- Born: c. 1842 Ireland
- Died: 1899 (aged 56–57)
- Place of burial: Windsor, Maine
- Allegiance: United States
- Branch: United States Navy
- Rank: Coal Heaver
- Unit: USS Hartford
- Conflicts: American Civil War • Battle of Mobile Bay
- Awards: Medal of Honor

= Thomas O'Connell (Medal of Honor) =

Thomas O'Connell (c. 1842 – 29 August 1899) was a Union Navy sailor in the American Civil War and a recipient of the U.S. military's highest decoration, the Medal of Honor, for his actions at the Battle of Mobile Bay.

Born in about 1842 in Ireland, O'Connell immigrated to the United States and was living in New York when he joined the U.S. Navy. He served during the Civil War as a coal heaver on Admiral David Farragut's flagship, the . At the Battle of Mobile Bay on August 5, 1864, he manned the shell whip (a device used to lift ammunition up to the gun deck) despite being ill, until losing his right hand to a Confederate artillery shell. For this action, he was awarded the Medal of Honor four months later, on December 31, 1864.
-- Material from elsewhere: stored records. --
(* representative of alpha_p(V) = int V(k) p ds *)
Definition alpha (p : P) (V : Vf) : P := act V (kv 0) * p.

(* (V S) for S = int L ds : representative of int V(k) dL/dk ds *)
Definition actF (V : Vf) (L : P) : P := act V (kv 0) * vard L.

(* pibar(alpha_p) = D_s^{-1}(k p') T + p' N, with D_s^{-1}(k p') = p1 *)
Definition pibar (p p1 : P) : Vf := (p1, Ds p).

Definition mKdVop (p p1 : P) : P :=
  Ds (Ds (Ds p)) + Ds (kv 0) * p1 + kv 0 ^+ 2 * Ds p.

(* the cyclic summand  xi1 omega(xi2,xi3) - omega([xi1,xi2],xi3),
   where xi_j = pibar(alpha_{p_j}) and omega(xi, pibar beta) = beta(xi) *)
Definition dterm (x1 x2 : Vf) (p3 : P) : P :=
  actF x1 (alpha p3 x2) - alpha p3 (brk x1 x2).

End DiffAlg.

From HB Require Import structures.
From mathcomp Require Import all_boot all_order all_algebra.
From mathcomp Require Import finmap.
From mathcomp.multinomials Require Import monalg.
From mathcomp Require Import ring.
Import GRing.Theory.
Local Open Scope ring_scope.
Set Implicit Arguments.
Unset Strict Implicit.

(* The condition p1' = k p' says exactly that rho vanishes on pibar(alpha_p) = (p1, p'),
   so this vector field acts on P by V(k^(m+1)) = V(k^(m))', i.e. as the evolutionary
   derivation partial_a with a = V(k) = p''' + k' p1 + k^2 p' = cal_D(p).  The three
   Hamiltonian properties then become identities in any commutative differential ring
   (A, D) with an element k and derivations ev_a commuting with D and sending k to a:
   skew-symmetry is cal_D(p) q + cal_D(q) p = D(skew_pot); the bracket of pibar(alpha_p)
   and pibar(alpha_q) is pibar(alpha_r) for r = ev_{cal_D(p)} q - ev_{cal_D(q)} p
   + q1 p' - p1 q'; and once integration by parts (ev_a L = a dL/dk modulo total
   derivatives) and skew-symmetry are used, the cyclic sum defining d omega is the
   total derivative of an explicit potential. *)

(** * Differential rings *)

Section Derivation.
Variables (A : pzRingType) (d : A -> A).
Hypothesis dD : {morph d : x y / x + y}.
Hypothesis dM : forall x y, d (x * y) = d x * y + x * d y.

Lemma derivation0 : d 0 = 0.
Proof. by apply: (addrI (d 0)); rewrite -dD !addr0. Qed.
O'Connell's official Medal of Honor citation reads:
On board the flagship U.S.S. Hartford, during successful attacks against Fort Morgan, rebel gunboats and the ram Tennessee in Mobile Bay on 5 August 1864. Although a patient in the sick bay, O'Connell voluntarily reported at his station at the shell whip and continued to perform his duties with zeal and courage until his right hand was severed by an enemy shellburst.

O'Connell died on 24 August 1899 at age 56 or 57. His Medal of Honor is held by the National Museum of the United States Navy in Washington, D.C.